(* Let $G$ be a graph (loops and multiple edges allowed) of girth $g$. If two closed geodesics of length $g$ in $G$ share a subwalk of length $\lfloor g/2 \rfloor+1$, then they coincide.
   Context: A walk is a finite sequence of oriented edges in which the initial vertex of each edge after the first equals the terminal vertex of the previous one; it is closed if it starts and ends at the same vertex, and closed walks are considered up to cyclic permutation. A walk is geodesic if it never traverses an edge and immediately retraverses it in the opposite direction; a closed geodesic is a closed walk that is locally geodesic (including at the base point). The girth of $G$ is the smallest length of a closed geodesic in $G$. *)

From mathcomp Require Import all_boot.
Set Implicit Arguments. Unset Strict Implicit. Unset Printing Implicit Defensive.

(* A graph with loops and multiple edges allowed (Serre's convention):
   a type of vertices, a type of oriented edges, an origin map and a
   fixed-point-free involution "reverse orientation".  A (multi-)edge is a
   pair {e, rev e}; a loop is an e with origin e = terminus e. *)
Record graph := Graph {
  vert : Type;
  oedge : Type;
  origin : oedge -> vert;
  erev : oedge -> oedge;
  erevK : forall e, erev (erev e) = e;
  erev_nofix : forall e, erev e <> e
}.

Definition terminus (G : graph) (e : oedge G) : vert G := origin (erev e).

Definition gstep (G : graph) (e e' : oedge G) : Prop :=
  terminus e = origin e' /\ e' <> erev e.

Fixpoint rchain {T : Type} (r : T -> T -> Prop) (x : T) (s : seq T) : Prop :=
  match s with
  | [::] => True
  | y :: s' => r x y /\ rchain r y s'
  end.

(* A closed geodesic: a nonempty closed walk e_0 ... e_{n-1}
   (terminus e_i = origin e_{i+1}, terminus e_{n-1} = origin e_0) with no
   backtracking, including at the base point (e_0 <> erev e_{n-1}). *)
Definition closed_geodesic (G : graph) (c : seq (oedge G)) : Prop :=
  match c with
  | [::] => False
  | e :: s => rchain (@gstep G) e (rcons s e)
  end.

Definition is_girth (G : graph) (g : nat) : Prop :=
  (exists c : seq (oedge G), closed_geodesic c /\ size c = g) /\
  (forall c : seq (oedge G), closed_geodesic c -> g <= size c).

Definition cyc_equal (T : Type) (c c' : seq T) : Prop :=
  exists k, c' = rot k c.

Definition cyc_subwalk (T : Type) (w c : seq T) : Prop :=
  size w <= size c /\ exists k, w = take (size w) (rot k c).

From Stdlib Require Import Classical_Prop.
From mathcomp Require Import all_boot.
From mathcomp Require Import zify.

Set Implicit Arguments.
Unset Strict Implicit.
Unset Printing Implicit Defensive.

(* Rotate both closed geodesics so that they start with the common subwalk w;
   what is left of each is a non-backtracking walk p_i of length g - |w| from
   the last edge of w back to its first edge.  If p_1 <> p_2, cut off their
   common prefix and common suffix: the two remaining pieces start with
   distinct edges at a common vertex and end with distinct edges at a common
   vertex, so one followed by the reverse of the other is a closed geodesic of
   length at most 2 (g - |w|) = 2 (ceil (g/2) - 1) < g, contradicting the
   girth.  Hence p_1 = p_2 and the two rotations coincide. *)

Section Rchain.
Variables (T : Type) (r : T -> T -> Prop).

Lemma rchain_cat x s t :
  rchain r x (s ++ t) <-> rchain r x s /\ rchain r (last x s) t.
Proof. by elim: s x => [|y s IH] x /=; [tauto | rewrite IH; tauto]. Qed.

Lemma rchain_rcons x s y :
  rchain r x (rcons s y) <-> rchain r x s /\ r (last x s) y.
Proof. by rewrite -cats1 rchain_cat /=; tauto. Qed.

Lemma rchain_map (U : Type) (r' : U -> U -> Prop) (f : T -> U) x s :
  (forall y z, r y z -> r' (f y) (f z)) -> rchain r x s -> rchain r' (f x) (map f s).
Proof. by move=> rr'; elim: s x => //= y s IH x [/rr' ? /IH]. Qed.

End Rchain.

Lemma last_rev_belast (T : Type) (x : T) s : last (last x s) (rev (belast x s)) = x.
Proof. by rewrite -(last_cons x) -rev_rcons -lastI rev_cons last_rcons. Qed.

Lemma rchain_rev (T : Type) (r : T -> T -> Prop) x s :
  rchain r x s -> rchain (fun y z => r z y) (last x s) (rev (belast x s)).
Proof.
elim: s x => //= y s IH x [rxy /IH]; rewrite rev_cons => rev_s.
by apply/rchain_rcons; rewrite last_rev_belast.
Qed.

Section Geodesics.
Variable G : graph.
Implicit Types (a b e x y : oedge G) (s p q c : seq (oedge G)).

Lemma erev_inj : injective (@erev G).
Proof. by move=> e e' ee'; rewrite -(erevK e) -(erevK e') ee'. Qed.

Lemma gstep_rev e e' : gstep e e' -> gstep (erev e') (erev e).
Proof.
case=> ee' not_back; split; first by rewrite /terminus !erevK -ee'.
by move=> back; apply: not_back; rewrite back erevK.
Qed.

Lemma closed_geodesic_rot1 c : closed_geodesic c -> closed_geodesic (rot 1 c).
Proof.
case: c => [|e [|f s]] // geo; rewrite rot1_cons; case: geo => ef fs.
by apply/rchain_rcons; rewrite last_rcons.
Qed.

Lemma closed_geodesic_rot k c : closed_geodesic c -> closed_geodesic (rot k c).
Proof.
move=> geo_c; rewrite rot_minn; elim: (minn k _) (geq_minr k (size c)) => [|m IH] le_m.
  by rewrite rot0.
by rewrite rotS //; apply/closed_geodesic_rot1/IH/ltnW.
Qed.

Lemma bigon_closed_geodesic a q1 b q2 :
  a <> b -> last a q1 <> last b q2 ->
  rchain (@gstep G) a q1 -> rchain (@gstep G) b q2 ->
  origin a = origin b -> terminus (last a q1) = terminus (last b q2) ->
  closed_geodesic (a :: q1 ++ map (@erev G) (rev (b :: q2))).
Proof.
move=> ab last_ab geo1 geo2 oab tab.
have geo2r := rchain_map (fun y z => @gstep_rev z y) (rchain_rev geo2).
have turn_end : gstep (last a q1) (erev (last b q2)) by split=> // /erev_inj/esym.
have turn_start : gstep (erev b) a by split; rewrite /terminus erevK.
rewrite /= lastI rev_rcons /= rcons_cat rchain_cat /= rchain_rcons last_map.
by rewrite last_rev_belast.
Qed.

Lemma diverging_walks_closed_geodesic a b q1 q2 y :
  a <> b -> origin a = origin b -> size q1 = size q2 ->
  rchain (@gstep G) a (rcons q1 y) -> rchain (@gstep G) b (rcons q2 y) ->
  exists2 c : seq (oedge G), closed_geodesic c & size c <= (size q1 + size q2).+2.
Proof.
move=> ab oab; elim/last_ind: q1 q2 y => [|q1 e1 IH] q2 y.
  case: q2 => // _ [[tay _] _] [[tby _] _].
  have tab : terminus a = terminus b by rewrite tay tby.
  by exists [:: a; erev b]; first exact: (@bigon_closed_geodesic a [::] b [::]).
case/lastP: q2 => [|q2 e2]; rewrite ?size_rcons // => -[size_q].
move=> /rchain_rcons[geo1 [te1 _]] /rchain_rcons[geo2 [te2 _]].
rewrite !last_rcons in te1 te2.
have [eq_e12|e12] := classic (e1 = e2).
  subst e2; have [c geo_c size_c] := IH q2 e1 size_q geo1 geo2.
  by exists c => //; lia.
exists (a :: rcons q1 e1 ++ map (@erev G) (rev (b :: rcons q2 e2))).
  by apply: bigon_closed_geodesic; rewrite ?last_rcons // te1 te2.
by rewrite /= size_cat size_map size_rev /= !size_rcons; lia.
Qed.

Lemma distinct_walks_closed_geodesic x y p1 p2 :
  size p1 = size p2 -> p1 <> p2 ->
  rchain (@gstep G) x (rcons p1 y) -> rchain (@gstep G) x (rcons p2 y) ->
  exists2 c : seq (oedge G), closed_geodesic c & size c <= size p1 + size p2.
Proof.
elim: p1 x p2 => [|a p1 IH] x [|b p2] //= [size_p] p12 [[xa _] geo1] [[xb _] geo2].
have [eq_ab|ab] := classic (a = b).
  subst b; have [|c geo_c size_c] := IH a p2 size_p _ geo1 geo2; last first.
    by exists c => //; lia.
  by move=> eq_p; apply: p12; rewrite eq_p.
have [|c geo_c size_c] := diverging_walks_closed_geodesic ab _ size_p geo1 geo2.
  by rewrite -xa -xb.
by exists c => //; lia.
Qed.

Lemma closed_geodesic_suffix e w p :
  closed_geodesic (e :: w ++ p) -> rchain (@gstep G) (last e w) (rcons p e).
Proof. by rewrite /= rcons_cat rchain_cat => -[]. Qed.

End Geodesics.

Lemma cyc_subwalk_rot (T : Type) (w c : seq T) :
  cyc_subwalk w c -> exists k p, rot k c = w ++ p.
Proof.
case=> _ [k def_w]; exists k, (drop (size w) (rot k c)).
by rewrite {1}def_w cat_take_drop.
Qed.

Lemma cyc_equal_rot (T : Type) k1 k2 (c1 c2 : seq T) :
  rot k1 c1 = rot k2 c2 -> cyc_equal c1 c2.
Proof.
move=> eq_rot; exists (rot_add c1 k1 (size c1 - k2)).
by rewrite -rot_rot_add -(size_rot k1) eq_rot -/(rotr k2 _) rotK.
Qed.

Theorem lemma2p1 (G : graph) (g : nat) (c1 c2 : seq (oedge G))
  (w : seq (oedge G)) :
  is_girth G g ->
  closed_geodesic c1 -> size c1 = g ->
  closed_geodesic c2 -> size c2 = g ->
  size w = g./2 + 1 ->
  cyc_subwalk w c1 -> cyc_subwalk w c2 ->
  cyc_equal c1 c2.
Proof.
move=> [_ girth_min] geo1 size1 geo2 size2 size_w.
move=> /cyc_subwalk_rot[k1 [p1 rot1]] /cyc_subwalk_rot[k2 [p2 rot2]].
have [eq_p|p12] := classic (p1 = p2).
  by apply: (@cyc_equal_rot _ k1 k2); rewrite rot1 rot2 eq_p.
have size_p1 : size c1 = size w + size p1 by rewrite -(size_rot k1) rot1 size_cat.
have size_p2 : size c2 = size w + size p2 by rewrite -(size_rot k2) rot2 size_cat.
case: w size_w rot1 rot2 size_p1 size_p2 => [|e w]; first by rewrite addn1.
move=> /= size_w rot1 rot2 size_p1 size_p2.
have := closed_geodesic_rot k1 geo1; rewrite rot1 => /closed_geodesic_suffix walk1.
have := closed_geodesic_rot k2 geo2; rewrite rot2 => /closed_geodesic_suffix walk2.
have [|c geo_c size_c] := distinct_walks_closed_geodesic _ p12 walk1 walk2; first lia.
have := girth_min c geo_c; lia.
Qed.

**What to do**
Beginning with the line holding "rotations coincide. *)" and ending with the line holding "Lemma rchain_rcons x", write out the stretch of material above exactly; add no further lines.

**Response for this exercise**
   girth.  Hence p_1 = p_2 and the two rotations coincide. *)

Section Rchain.
Variables (T : Type) (r : T -> T -> Prop).

Lemma rchain_cat x s t :
  rchain r x (s ++ t) <-> rchain r x s /\ rchain r (last x s) t.
Proof. by elim: s x => [|y s IH] x /=; [tauto | rewrite IH; tauto]. Qed.

Lemma rchain_rcons x s y :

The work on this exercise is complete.